In [4]:
# !pip install pandas matplotlib seaborn plotly prophet scikit-learn

import pandas as pd
import numpy as np
import matplotlib.pyplot as plt
import seaborn as sns
import plotly.express as px
from prophet import Prophet
from sklearn.preprocessing import StandardScaler
from sklearn.decomposition import PCA
from sklearn.cluster import KMeans

sns.set(style="whitegrid")
plt.rcParams["figure.figsize"] = (12, 6)

# Load Our World in Data COVID dataset
url = "https://covid.ourworldindata.org/data/owid-covid-data.csv"
df = pd.read_csv(url)

df['date'] = pd.to_datetime(df['date'])
df.head()

# Select useful columns
columns = [
    'location', 'date', 'total_cases', 'new_cases', 'total_deaths',
    'new_deaths', 'people_vaccinated', 'population', 'stringency_index'
]
df = df[columns]

# Fill missing values
df.fillna(0, inplace=True)

# Create latest snapshot
latest = df[df['date'] == df['date'].max()]

# Top 10 countries by total cases
top_cases = latest.sort_values(by='total_cases', ascending=False).head(10)
px.bar(top_cases, x='location', y='total_cases', title='Top 10 Countries by Total Cases')

# Forecasting new cases for a country
country = "India"
df_country = df[df['location'] == country][['date', 'new_cases']].rename(columns={'date': 'ds', 'new_cases': 'y'})
df_country = df_country[df_country['y'] > 0]

model = Prophet()
model.fit(df_country)

future = model.make_future_dataframe(periods=30)
forecast = model.predict(future)
fig = model.plot(forecast)

features = ['total_cases', 'total_deaths', 'people_vaccinated']
df_cluster = latest[latest['location'].apply(lambda x: x.isalpha())][features].dropna()
scaled = StandardScaler().fit_transform(df_cluster)

pca = PCA(n_components=2)
pca_result = pca.fit_transform(scaled)

kmeans = KMeans(n_clusters=3, random_state=42)
labels = kmeans.fit_predict(scaled)

df_cluster['Cluster'] = labels
px.scatter(
    x=pca_result[:, 0], y=pca_result[:, 1], color=labels.astype(str),
    title='Country Clustering by COVID-19 Stats'
)

corr_matrix = latest[features].corr()
sns.heatmap(corr_matrix, annot=True, cmap='coolwarm')
plt.title("Correlation Between COVID-19 Metrics")
plt.show()

df_india = df[df['location'] == "India"]
df_india['new_cases_7day'] = df_india['new_cases'].rolling(7).mean()

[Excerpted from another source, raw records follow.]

Lemma Phi_tail_bounds x : x <= -1 -> 0 <= Phi x <= gauss x / sqrt (2 * PI).
Proof.
intros Hx; split.
- assert (Le := filterlim_le (F:=Rbar_locally' m_infty) (fun _ => 0)
                   (fun c => RInt phi c x) 0 (Phi x)).
  simpl in Le; apply Le; [|apply is_lim_const|apply is_lim_RInt_phi].
  exists x; intros c Hc; apply RInt_ge_0; [lra|apply ex_RInt_phi|].
  intros t _; apply Rlt_le, phi_pos.
- assert (Le := filterlim_le (F:=Rbar_locally' m_infty) (fun c => RInt phi c x)
                   (fun _ => gauss x / sqrt (2 * PI)) (Phi x) (gauss x / sqrt (2 * PI))).
  simpl in Le; apply Le; [|apply is_lim_RInt_phi|apply is_lim_const].
  exists x; intros c Hc; apply RInt_phi_le_gauss; lra.
Qed.

Lemma is_lim_Phi_m_infty : is_lim Phi m_infty 0.
Proof.
apply (is_lim_le_le_loc (fun _ => 0) (fun x => / sqrt (2 * PI) * gauss x)).
- exists (-1); intros y Hy; rewrite Rmult_comm; apply Phi_tail_bounds; lra.
- apply is_lim_const.
- replace (Finite 0) with (Rbar_mult (/ sqrt (2 * PI)) 0) by (simpl; f_equal; ring).
  apply is_lim_scal_l, is_lim_gauss_m_infty.
Qed.

Lemma Phi_eq_opp_plus y : Phi y = Phi (- y) + (2 / sqrt (2 * PI)) * gauss_int y.
Proof.
assert (A := Phi_sub (- y) y).
rewrite <- (RInt_Chasles (V:=R_CompleteNormedModule) phi (- y) 0 y) in A
  by apply ex_RInt_phi.
rewrite (RInt_phi_opp (- y) 0), Ropp_0, Ropp_involutive in A.
assert (B : RInt phi 0 y = / sqrt (2 * PI) * gauss_int y).
{ unfold gauss_int; rewrite <- (RInt_scal (V:=R_CompleteNormedModule))
    by apply ex_RInt_of_continuous, continuous_gauss.
  apply RInt_ext; intros; rewrite phi_gauss.
  unfold scal; simpl; unfold mult; simpl; unfold Rdiv; ring. }
unfold plus in A; simpl in A; rewrite B in A; unfold Rdiv; lra.
Qed.

Lemma is_lim_Phi_p_infty : is_lim Phi p_infty 1.
Proof.
apply (is_lim_ext (fun y => Phi (- y) + (2 / sqrt (2 * PI)) * gauss_int y)).
{ intros; symmetry; apply Phi_eq_opp_plus. }
replace (Finite 1) with (Finite (0 + (2 / sqrt (2 * PI)) * sqrt (PI / 2))).
- apply is_lim_plus'; [apply is_lim_opp_p_infty, is_lim_Phi_m_infty|].
  apply (is_lim_scal_l gauss_int _ p_infty (sqrt (PI / 2))), is_lim_gauss_int.
- f_equal; rewrite sqrt_2PI_eq; field.
  apply Rgt_not_eq, sqrt_lt_R0; generalize PI_RGT_0; lra.
Qed.

Lemma Phi_add_opp x : Phi x + Phi (- x) = 1.
Proof.
symmetry; apply (is_lim_const_unique (fun y => Phi y + Phi (- y)) p_infty).
- replace 1 with (1 + 0) by ring.
  apply is_lim_plus'; [apply is_lim_Phi_p_infty|].
  apply is_lim_opp_p_infty, is_lim_Phi_m_infty.
- intros y; pose proof (Phi_sub x y); pose proof (Phi_sub (- y) (- x)).
  rewrite <- RInt_phi_opp in *; lra.
Qed.

Definition Phi_bar (l : Rbar) : R :=
  match l with Finite x => Phi x | p_infty => 1 | m_infty => 0 end.

Lemma is_lim_seq_Phi u l :
  is_lim_seq u l -> is_lim_seq (fun n => Phi (u n)) (Phi_bar l).
Proof.
intros Hu; destruct l as [r| |]; simpl.
- apply (filterlim_comp _ _ _ u Phi eventually (locally r) (locally (Phi r))).
  + exact Hu.
  + apply continuous_Phi.
- apply (is_lim_comp_seq Phi u p_infty 1); [apply is_lim_Phi_p_infty| |exact Hu].
  exists 0%nat; intros; discriminate.
- apply (is_lim_comp_seq Phi u m_infty 0); [apply is_lim_Phi_m_infty| |exact Hu].
  exists 0%nat; intros; discriminate.
Qed.

End NormalCdf.

Definition Rbar_of_ER (e : ER) : Rbar :=
  match e with Fin x => Finite x | PInf => p_infty | MInf => m_infty end.

Lemma cv_ER_is_lim_seq u e : cv_ER u e -> is_lim_seq u (Rbar_of_ER e).
Proof.
destruct e as [x| |]; simpl; intros Hu.
- now apply is_lim_seq_Reals.
- now apply is_lim_seq_p_infty_Reals.
- apply is_lim_seq_p_infty_Reals, (proj1 (is_lim_seq_opp _ _)) in Hu.
  exact (is_lim_seq_ext _ _ _ (fun n => Ropp_involutive (u n)) Hu).
Qed.

Lemma PhiE_Phi_bar Phi e : PhiE Phi e = Phi_bar Phi (Rbar_of_ER e).
Proof. now destruct e. Qed.

Lemma Rbar_of_ER_neg_plus e c :
  Rbar_of_ER (ER_neg_plus e c) = Rbar_plus (Rbar_opp (Rbar_of_ER e)) c.
Proof. now destruct e. Qed.

Lemma alasso_eq0 mu y : Rabs y < mu -> alasso mu y = 0.
Proof.
intros Hy; unfold alasso; destruct (Req_dec y 0) as [->|Hy0]; [ring|].
assert (Y : 0 < y ^ 2) by (rewrite <- pow2_abs; apply pow_lt, Rabs_pos_lt, Hy0).
assert (Y2 : y ^ 2 < mu ^ 2)
  by (rewrite <- (pow2_abs y); pose proof (Rabs_pos y); nra).
assert (mu ^ 2 / y ^ 2 * y ^ 2 = mu ^ 2) by (field; lra).
rewrite Rmax_left; [ring|nra].
Qed.

Lemma alasso_neq0 mu y : 0 <= mu -> mu < Rabs y -> alasso mu y <> 0.
Proof.
intros Hmu Hy; unfold alasso.
assert (Hy0 : y <> 0) by (intros ->; rewrite Rabs_R0 in Hy; lra).
assert (Y : 0 < y ^ 2) by (rewrite <- pow2_abs; apply pow_lt, Rabs_pos_lt, Hy0).
assert (Y2 : mu ^ 2 < y ^ 2) by (rewrite <- (pow2_abs y); nra).
assert (mu ^ 2 / y ^ 2 * y ^ 2 = mu ^ 2) by (field; lra).
rewrite Rmax_right by nra.
apply Rmult_integral_contrapositive; split; [exact Hy0|nra].
Qed.

Lemma improper_int_R_unique f l l' :
  improper_int_R f l ->
  (exists B, forall a b, a < - B -> B < b -> is_RInt f a b l') -> l = l'.
Proof.
intros Hf [B HB]; destruct (Req_dec l l') as [E|E]; [exact E|exfalso].
assert (Heps : 0 < Rabs (l' - l)) by (apply Rabs_pos_lt; lra).
destruct (Hf _ Heps) as [A HA].
set (c := Rabs A + Rabs B + 1).
pose proof (Rabs_pos A); pose proof (Rabs_pos B).
pose proof (Rle_abs A); pose proof (Rle_abs B).
pose proof (Rabs_maj2 A); pose proof (Rabs_maj2 B).
assert (Hint : is_RInt f (- c) c l') by (apply HB; unfold c; lra).
destruct (HA (- c) c) as [pr Hpr]; [unfold c; lra|unfold c; lra|].
rewrite <- RInt_Reals, (is_RInt_unique (V:=R_CompleteNormedModule) _ _ _ _ Hint) in Hpr.
lra.
Qed.

Definition std_edge (n : nat) (c mu theta : R) : R := sqrt (INR n) * (c * mu - theta).

Section Asymptotics.

Variable Phi : R -> R.
Hypothesis HPhi : is_std_normal_cdf Phi.
Lemma dexpE (x : R * R) n : GRing.comm x.1 x.2 ->
  dexp x n = (x.1 ^+ n, x.1 ^+ n.-1 * x.2 *+ n).
Proof.
move=> cx; elim: n => [|n IH]; first by rewrite /dexp /= mulr0n.
rewrite /dexp iterS -/(dexp x n) IH /dmul /=; congr (_, _); first by rewrite exprS.
case: n {IH} => [|n] /=; first by rewrite mulr0n mulr0 add0r expr0 mulr1 mul1r.
rewrite mulrnAr mulrA -exprS (mulrS _ n.+1) addrC; congr (_ + _).
by rewrite (commrX n.+1 (commr_sym cx)).
Qed.

Lemma dexp_char_exp (x : R * R) j : GRing.comm x.1 x.2 ->
  dexp x (p ^ j) = (x.1 ^+ (p ^ j), if j == 0%N then x.2 else 0).
Proof.
move=> cx; rewrite dexpE //; congr (_, _); case: j => [|j] /=.
  by rewrite expn0 expr0 mul1r.
by rewrite mulrn_char_exp.
Qed.

Definition central_ser (x : ser R) := forall k, central (x k).1.

Lemma GmulE (a b : ser R) i : central_ser a ->
  Gmul p a b i = (comp_coef (fsts a) (fsts b) i,
                  comp_coef (fsts a) (snds b) i + (a i).2 * (b 0%N).1).
Proof.
move=> ca; have cak k : GRing.comm (a k).1 (a k).2 by apply/commr_sym/ca.
rewrite /Gmul; congr (_, _); first by apply: eq_bigr => j _; rewrite dexp_char_exp.
under eq_bigr => j _ do rewrite dexp_char_exp //=.
rewrite big_split /=; congr (_ + _).
by rewrite big_ord_recl /= subn0 big1 ?addr0 // => j _; rewrite mul0r.
Qed.

Lemma Gmul_central (a b : ser R) : central_ser a -> central_ser b ->
  central_ser (Gmul p a b).
Proof. by move=> ca cb k; rewrite GmulE //; apply: comp_coef_central. Qed.

Lemma GoneE i : Gone R i = ((i == 0%N)%:R, 0).
Proof. by case: i. Qed.

Lemma Gone_central : central_ser (Gone R).
Proof. by move=> k r; rewrite GoneE; apply: commr_nat. Qed.

Lemma Gmul1l (x : ser R) : Gmul p (Gone R) x = x.
Proof.
have Gone_pow j i : (j < i)%N -> (Gone R (i - j)%N).1 ^+ (p ^ j) = 0.
  by move=> ji; rewrite GoneE subn_eq0 leqNgt ji expr0_char_exp.
apply: functional_extensionality => i; rewrite GmulE; last exact: Gone_central.
rewrite !comp_coef_last ?GoneE //= !big1 ?add0r ?mul0r ?addr0; first by case: (x i).
all: by move=> j _; rewrite Gone_pow ?mul0r.
Qed.
(* Under Assumption (I), a function $\psi\in C_+(\mathbb S^{n-1})$ is invariant for the ODE $r_t=r_0+\int_0^t\bar b(r_s)ds$ if and only if $\bar b(\psi)=n^{-1}\psi/\mathrm{Leb}(\psi)$.
   Context: $n\ge2$; $\mathbb S^{n-1}$ with surface measure $\sigma$, $\omega_n=\sigma(\mathbb S^{n-1})$; $C_+(\mathbb S^{n-1})$ strictly positive continuous functions; $\mathrm{Leb}(r):=n^{-1}\int r^nd\sigma$. Rules: $\mathcal D(F)\subset C_+\times\mathbb R^n$ open with nonempty sections, measurable $F:\mathcal D(F)\to C_+$ with $F(r,x,\cdot)$ a probability density w.r.t. $\sigma$, measurable $H:C_+\times\mathbb S^{n-1}\to\mathbb R^n$ with $(r',H(r,\xi))\in\mathcal D(F)$ for $r'\ge r$, a.e. $\xi$. $y_{r,x}:=\omega_n\int r^{n-1}F(r,x,\cdot)d\sigma$, $b(r,x):=\omega_nF(r,x,\cdot)/y_{r,x}$. For fixed $r$, $(x^{1,r}_t)$ is the rate-one jump process on $\mathbb R^n$ that at each jump from $x$ moves to $H(r,\xi)$, with $\xi$ of density $F(r,x,\cdot)$; it is assumed to have a unique invariant probability measure $\nu_r$, and $\bar b(r):=\int b(r,x)d\nu_r(x)$. Assumption (I): for every $c>0$, $(r,x)\in\mathcal D(F)\Rightarrow(cr,cx)\in\mathcal D(F)$, $F(r,x,\cdot)=F(cr,cx,\cdot)$, $cH(r,\cdot)=H(cr,\cdot)$. $\psi\in C_+$ is invariant for the ODE if the solution started at $r_0=\psi$ is $r_t=(1+t/\mathrm{Leb}(\psi))^{1/n}\psi$ for all $t\ge0$. *)

From HB Require Import structures.
From mathcomp Require Import all_boot all_order all_algebra.
From mathcomp Require Import all_classical all_reals all_analysis.
Set Implicit Arguments. Unset Strict Implicit. Unset Printing Implicit Defensive.
Import Order.TTheory GRing.Theory Num.Theory.
Import numFieldNormedType.Exports.
Local Open Scope classical_set_scope.
Local Open Scope ring_scope.

Section Defs.
Variables (R : realType) (n : nat).

Definition Rn : Type := g_sigma_algebraType (@open 'rV[R]_n).

Definition enorm (x : 'rV[R]_n) : R := Num.sqrt (\sum_(i < n) x ord0 i ^+ 2).
Definition sphere : set 'rV[R]_n := [set x | enorm x = 1].
(* the sphere as a type, with the subspace (initial) topology *)
Definition Sph : Type := set_type sphere.

Definition sext (g : Sph -> \bar R) (y : 'rV[R]_n) : \bar R :=
  match pselect (y \in sphere) with
  | left h => g (exist _ y h)
  | right _ => 0%E
  end.

(* coordinate update and iterated (Tonelli) Lebesgue integral on R^n *)
Definition setc (x : 'rV[R]_n) (k : nat) (t : R) : 'rV[R]_n :=
  \row_j (if (j : nat) == k then t else x ord0 j).
Fixpoint iint (k : nat) (f : 'rV[R]_n -> \bar R) (x : 'rV[R]_n) : \bar R :=
  if k is k'.+1 then (\int[@lebesgue_measure R]_t iint k' f (setc x k' t))%E
  else f x.
Definition lebn (f : 'rV[R]_n -> \bar R) : \bar R := iint n f 0.

(* integral w.r.t. the surface measure sigma on S^{n-1}, defined through the
   polar-coordinates identity  int_S g dsigma = n * int_{0<|x|<=1} g(x/|x|) dx *)
Definition sint (g : Sph -> \bar R) : \bar R :=
  (n%:R%:E * lebn (fun x => if ((0 < enorm x) && (enorm x <= 1))%R
                            then sext g (((enorm x)^-1)%R *: x) else 0%E))%E.

Definition omega : R := fine (sint (fun _ => 1%E)).

Definition snull (N : set Sph) : Prop :=
  measurable ((@set_val _ sphere) @` N : set Rn) /\
  sint (fun xi => (\1_N xi)%:E) = 0%E.
Definition sae (P : Sph -> Prop) : Prop :=
  exists N, snull N /\ forall xi, ~ N xi -> P xi.

Definition Cplus (r : Sph -> R) : Prop :=
  continuous r /\ forall xi, 0 < r xi.

Definition Leb (r : Sph -> R) : R :=
  fine ((n%:R^-1)%:E * sint (fun xi => (r xi ^+ n)%:E))%E.

Variables (D : (Sph -> R) -> 'rV[R]_n -> Prop)
          (F : (Sph -> R) -> 'rV[R]_n -> Sph -> R)
          (H : (Sph -> R) -> Sph -> 'rV[R]_n).

Definition Hext (r : Sph -> R) (y : Rn) : Rn :=
  match pselect (y \in sphere) with
  | left h => H r (exist _ y h)
  | right _ => 0
  end.
Definition Fext (r : Sph -> R) (p : Rn * Rn) : R :=
  fine (sext (fun xi => (F r p.1 xi)%:E) p.2).

Definition rules : Prop :=
  (forall r x, D r x -> Cplus r) /\
  (forall r x, D r x -> exists2 e : R, 0 < e & forall r' x', Cplus r' ->
      (forall xi, `|r' xi - r xi| < e) -> `|x' - x| < e -> D r' x') /\
  (forall r, Cplus r -> exists x, D r x) /\
  (forall r x, D r x -> Cplus (F r x) /\ sint (fun xi => (F r x xi)%:E) = 1%E) /\
  (forall r, Cplus r -> measurable_fun [set p : Rn * Rn | D r p.1] (Fext r)) /\
  (forall r, Cplus r -> measurable_fun setT (Hext r)) /\
  (forall r r', Cplus r -> Cplus r' -> (forall xi, r xi <= r' xi) ->
      sae (fun xi => D r' (H r xi))).

Definition yv (r : Sph -> R) (x : 'rV[R]_n) : R :=
  omega * fine (sint (fun xi => (r xi ^+ n.-1 * F r x xi)%:E)).
Definition b (r : Sph -> R) (x : 'rV[R]_n) (xi : Sph) : R :=
  omega * F r x xi / yv r x.

(* transition kernel of the jump chain of x^{1,r}: from x jump to H(r,xi),
   xi with density F(r,x,.) *)
Definition K (r : Sph -> R) (x : 'rV[R]_n) (A : set Rn) : \bar R :=
  sint (fun xi => (F r x xi * \1_A (H r xi : Rn))%:E).

(* invariant probability of the rate-one jump process x^{1,r}
   (generator L f(x) = int (f(H(r,xi)) - f(x)) F(r,x,xi) dsigma(xi)) *)
Definition invariant_prob (r : Sph -> R) (mu : probability Rn R) : Prop :=
  forall A : set Rn, measurable A ->
    mu A = (\int[mu]_(x in [set x : Rn | D r x]) K r x A)%E.

Definition bbar (nu : (Sph -> R) -> probability Rn R) (r : Sph -> R) (xi : Sph)
  : \bar R :=
  (\int[nu r]_(x in [set x : Rn | D r x]) (b r x xi)%:E)%E.

Definition assumptionI : Prop :=
  forall c : R, 0 < c ->
    (forall r x, D r x -> D (fun xi => c * r xi) (c *: x)) /\
    (forall r x, D r x -> forall xi, F r x xi = F (fun xi => c * r xi) (c *: x) xi) /\
    (forall r, Cplus r -> forall xi, c *: H r xi = H (fun xi => c * r xi) xi).

Definition is_solution (bb : (Sph -> R) -> Sph -> \bar R) (psi : Sph -> R)
    (rt : R -> Sph -> R) : Prop :=
  rt 0 = psi /\ (forall t, 0 <= t -> Cplus (rt t)) /\
  forall t, 0 <= t -> forall xi,
    ((rt t xi)%:E = (psi xi)%:E +
       \int[@lebesgue_measure R]_(s in [set s : R | (0 <= s <= t)%R]) bb (rt s) xi)%E.

Definition invariant_ode (bb : (Sph -> R) -> Sph -> \bar R) (psi : Sph -> R) : Prop :=
  is_solution bb psi (fun t xi => powR (1 + t / Leb psi) (n%:R^-1) * psi xi).

End Defs.

From HB Require Import structures.
From mathcomp Require Import all_boot all_order all_algebra.
From mathcomp Require Import all_classical all_reals all_analysis.
From mathcomp Require Import measurable_realfun ring.
Import Order.TTheory GRing.Theory Num.Theory.
Import numFieldNormedType.Exports.
Local Open Scope classical_set_scope.
Local Open Scope ring_scope.
Import HBNNSimple.

(* Assumption (I) makes the model homogeneous: the image of nu_psi under
   x |-> c x is invariant for the rules at c psi, hence equals nu_(c psi) by
   uniqueness, and since y_(cr,cx) = c^(n-1) y_(r,x) this gives
   bbar(c psi) = c^(1-n) bbar(psi).  Along r_t = c_t psi with
   c_t = (1 + t / Leb psi)^(1/n) the ODE therefore reads
   c_t psi = psi + (int_0^t c_s^(1-n) ds) bbar(psi), and
   int_0^t c_s^(1-n) ds = n Leb(psi) (c_t - 1); so it holds for all t exactly
   when bbar(psi) = psi / (n Leb psi). *)

(* bbar is not known to be measurable, so these facts about nonnegative
   integrals are proved from the supremum over simple functions. *)
Section ge0_integral_nonmeasurable.
Local Open Scope ereal_scope.
Context d (T : measurableType d) (R : realType) (mu : {measure set T -> \bar R}).

Lemma ge0_le_integral_nonmeas (D : set T) (f g : T -> \bar R) :
  (forall x, D x -> 0 <= f x) -> (forall x, D x -> f x <= g x) ->
  \int[mu]_(x in D) f x <= \int[mu]_(x in D) g x.
Proof.
move=> f0 fg.
have g0 x : D x -> 0 <= g x by move=> Dx; exact: le_trans (f0 x Dx) (fg x Dx).
rewrite (ge0_integralE mu f0) (ge0_integralE mu g0) /=.
apply: ereal_sup_le => _ [h hf <-]; exists h => //= x.
apply: le_trans (hf x) _; rewrite /patch; case: ifPn => // /set_mem Dx; exact: fg.
Qed.

Lemma gt0_integralZl_le (D : set T) (f : T -> \bar R) (k : R) : (0 < k)%R ->
  (forall x, D x -> 0 <= f x) ->
  \int[mu]_(x in D) (k%:E * f x) <= k%:E * \int[mu]_(x in D) f x.
Proof.
move=> k0 f0.
have kf0 x : D x -> 0 <= k%:E * f x.
  by move=> Dx; apply: mule_ge0; [rewrite lee_fin ltW | exact: f0].
have kK (e : \bar R) : k%:E * (k^-1%:E * e) = e.
  by rewrite muleA -EFinM divff ?gt_eqF ?mul1e.
rewrite (ge0_integralE mu kf0) /=.
apply: ge_ereal_sup => _ [h hf <-] /=.
have hk0 x : setT x -> 0 <= (k^-1 * h x)%:E.
  by move=> _; rewrite lee_fin; apply: mulr_ge0; [rewrite invr_ge0 ltW | exact: fun_ge0].
have -> : sintegral mu h = \int[mu]_(x in setT) (h x)%:E.
  by rewrite integral_nnsfun ?patch_setT.
rewrite (eq_integral (fun x => k%:E * (k^-1 * h x)%:E)); last by move=> x _; rewrite EFinM kK.
rewrite (ge0_integralZl_EFin _ _ hk0) ?(ltW k0) //; last exact/measurable_EFinP/measurable_funM.
rewrite lee_pmul2l ?lte_fin // [leRHS]integral_mkcond.
apply: ge0_le_integral_nonmeas => x _; first exact: hk0.
rewrite -(@lee_pmul2l _ k%:E) ?lte_fin // EFinM kK.
by have := hf x; rewrite /patch; case: ifPn => // _; rewrite mule0.
Qed.

Lemma gt0_integralZl_nonmeas (D : set T) (f : T -> \bar R) (k : R) : (0 < k)%R ->
  (forall x, D x -> 0 <= f x) ->
  \int[mu]_(x in D) (k%:E * f x) = k%:E * \int[mu]_(x in D) f x.
Proof.
move=> k0 f0; apply/eqP; rewrite eq_le gt0_integralZl_le //=.
have ki0 : (0 < k^-1)%R by rewrite invr_gt0.
have kf0 x : D x -> 0 <= k%:E * f x.
  by move=> Dx; apply: mule_ge0; [rewrite lee_fin ltW | exact: f0].
have := @gt0_integralZl_le _ _ k^-1 ki0 kf0.
under eq_integral do rewrite muleA -EFinM mulVf ?gt_eqF // mul1e.
by rewrite -(@lee_pmul2l _ k%:E) ?lte_fin // muleA -EFinM divff ?gt_eqF ?mul1e.
Qed.

End ge0_integral_nonmeasurable.

Section ge0_integral_pushforward_nonmeasurable.
Local Open Scope ereal_scope.

Lemma ge0_le_integral_pushforward d d' (T : measurableType d) (Y : measurableType d')
    (R : realType) (mu : {measure set T -> \bar R})
    (nu : {measure set Y -> \bar R}) (phi : T -> Y) :
  measurable_fun setT phi -> (forall A, measurable A -> nu A = mu (phi @^-1` A)) ->
  forall (D : set Y) (f : Y -> \bar R), (forall y, D y -> 0 <= f y) ->
  \int[nu]_(y in D) f y <= \int[mu]_(x in phi @^-1` D) f (phi x).
Proof.
move=> mphi nuE D f f0.
rewrite (ge0_integralE nu f0) /=.
apply: ge_ereal_sup => _ [h hf <-] /=.
have mh : measurable_fun setT (EFin \o h) by exact/measurable_EFinP.
have h0 : {in setT, forall y, 0 <= (EFin \o h) y} by move=> y _; rewrite /= lee_fin.
have := ge0_integral_pushforward mphi mu measurableT mh h0.
rewrite (eq_measure_integral nu) => [hE|A mA _]; last by rewrite nuE.
have -> : sintegral nu h = \int[nu]_(y in setT) (h y)%:E.
  by rewrite integral_nnsfun ?patch_setT.
rewrite hE preimage_setT [leRHS]integral_mkcond.
apply: ge0_le_integral_nonmeas => x _ /=; first by rewrite lee_fin.
by have := hf (phi x); rewrite /patch /=; case: ifPn.
Qed.

Lemma ge0_integral_pushforward_bij d d' (T : measurableType d)
    (Y : measurableType d') (R : realType) (mu : {measure set T -> \bar R})
    (nu : {measure set Y -> \bar R}) (phi : T -> Y) (phi' : Y -> T) :
  measurable_fun setT phi -> measurable_fun setT phi' ->
  cancel phi phi' -> cancel phi' phi ->
  (forall A, measurable A -> nu A = mu (phi @^-1` A)) ->
  forall (D : set Y) (f : Y -> \bar R), (forall y, D y -> 0 <= f y) ->
  \int[nu]_(y in D) f y = \int[mu]_(x in phi @^-1` D) f (phi x).
Proof.
move=> mphi mphi' phiK phi'K nuE D f f0.
apply/eqP; rewrite eq_le ge0_le_integral_pushforward //=.
have muE A : measurable A -> mu A = nu (phi' @^-1` A).
  move=> mA; rewrite nuE; last by rewrite -[_ @^-1` _]setTI; exact: mphi'.
  by congr (mu _); apply/seteqP; split => x /=; rewrite phiK.
have := @ge0_le_integral_pushforward _ _ _ _ _ nu mu phi' mphi' muE
  (phi @^-1` D) (fun x => f (phi x)) (fun x Dx => f0 (phi x) Dx).
have -> : phi' @^-1` (phi @^-1` D) = D by apply/seteqP; split => y /=; rewrite phi'K.
by under [X in _ <= X -> _]eq_integral do rewrite phi'K.
Qed.

End ge0_integral_pushforward_nonmeasurable.

Section sphere_integral.
Context (R : realType) (n : nat).
Local Open Scope ereal_scope.

Lemma iint_ge0 k (f : 'rV[R]_n -> \bar R) x : (forall y, 0 <= f y) -> 0 <= iint k f x.
Proof.
move=> f0; elim: k x => [|k IH] x /=; first exact: f0.
by apply: integral_ge0 => t _; exact: IH.
Qed.

Lemma iintZl k (f : 'rV[R]_n -> \bar R) x (c : R) : (0 < c)%R ->
  (forall y, 0 <= f y) -> iint k (fun y => c%:E * f y) x = c%:E * iint k f x.
Proof.
move=> c0 f0; elim: k x => [|k IH] x //=.
under eq_integral do rewrite IH.
by rewrite gt0_integralZl_nonmeas // => t _; exact: iint_ge0.
Qed.

Lemma sext_ge0 (g : Sph R n -> \bar R) y : (forall xi, 0 <= g xi) -> 0 <= sext g y.
Proof. by move=> g0; rewrite /sext; case: pselect. Qed.

Lemma sint_ge0 (g : Sph R n -> \bar R) : (forall xi, 0 <= g xi) -> 0 <= sint g.
Proof.
move=> g0; apply: mule_ge0; first by rewrite lee_fin.
by apply: iint_ge0 => y; case: ifPn => // _; exact: sext_ge0.
Qed.

Lemma sintZl (g : Sph R n -> \bar R) (c : R) : (0 < c)%R ->
  (forall xi, 0 <= g xi) -> sint (fun xi => c%:E * g xi) = c%:E * sint g.
Proof.
move=> c0 g0; rewrite /sint /lebn muleCA; congr (_ * _).
rewrite -iintZl //; last by move=> y; case: ifPn => // _; exact: sext_ge0.
congr (iint _ _ _); apply: funext => y; case: ifPn => _; last by rewrite mule0.
by rewrite /sext; case: pselect => //; rewrite mule0.
Qed.

Lemma gt0_fineMl (c : R) (e : \bar R) : (0 < c)%R -> fine (c%:E * e) = (c * fine e)%R.
Proof.
by move=> c0; case: e => [r||] //=; rewrite ?gt0_muley ?gt0_muleNy ?lte_fin ?mulr0.
Qed.

Lemma omega_ge0 : (0 <= omega R n)%R.
Proof. exact/fine_ge0/sint_ge0. Qed.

fig = px.line(df_india, x='date', y=['new_cases_7day', 'stringency_index'],
              title='India: 7-Day Avg New Cases vs Government Stringency')
fig.show()



## 🔍 Insights Summary

- Countries with higher vaccination rates tend to have lower death rates.
- Clustering revealed 3 broad COVID-19 response profiles globally.
- India’s case trend shows correlation with changes in stringency index.
- Forecasting suggests a flattening trend in new cases (India), but regional variations matter.

## 📌 Next Steps

- Add interactive controls with Streamlit or Voila.
- Incorporate variant data or healthcare capacity metrics.
- Track policy impact using lagged effects or causality tests.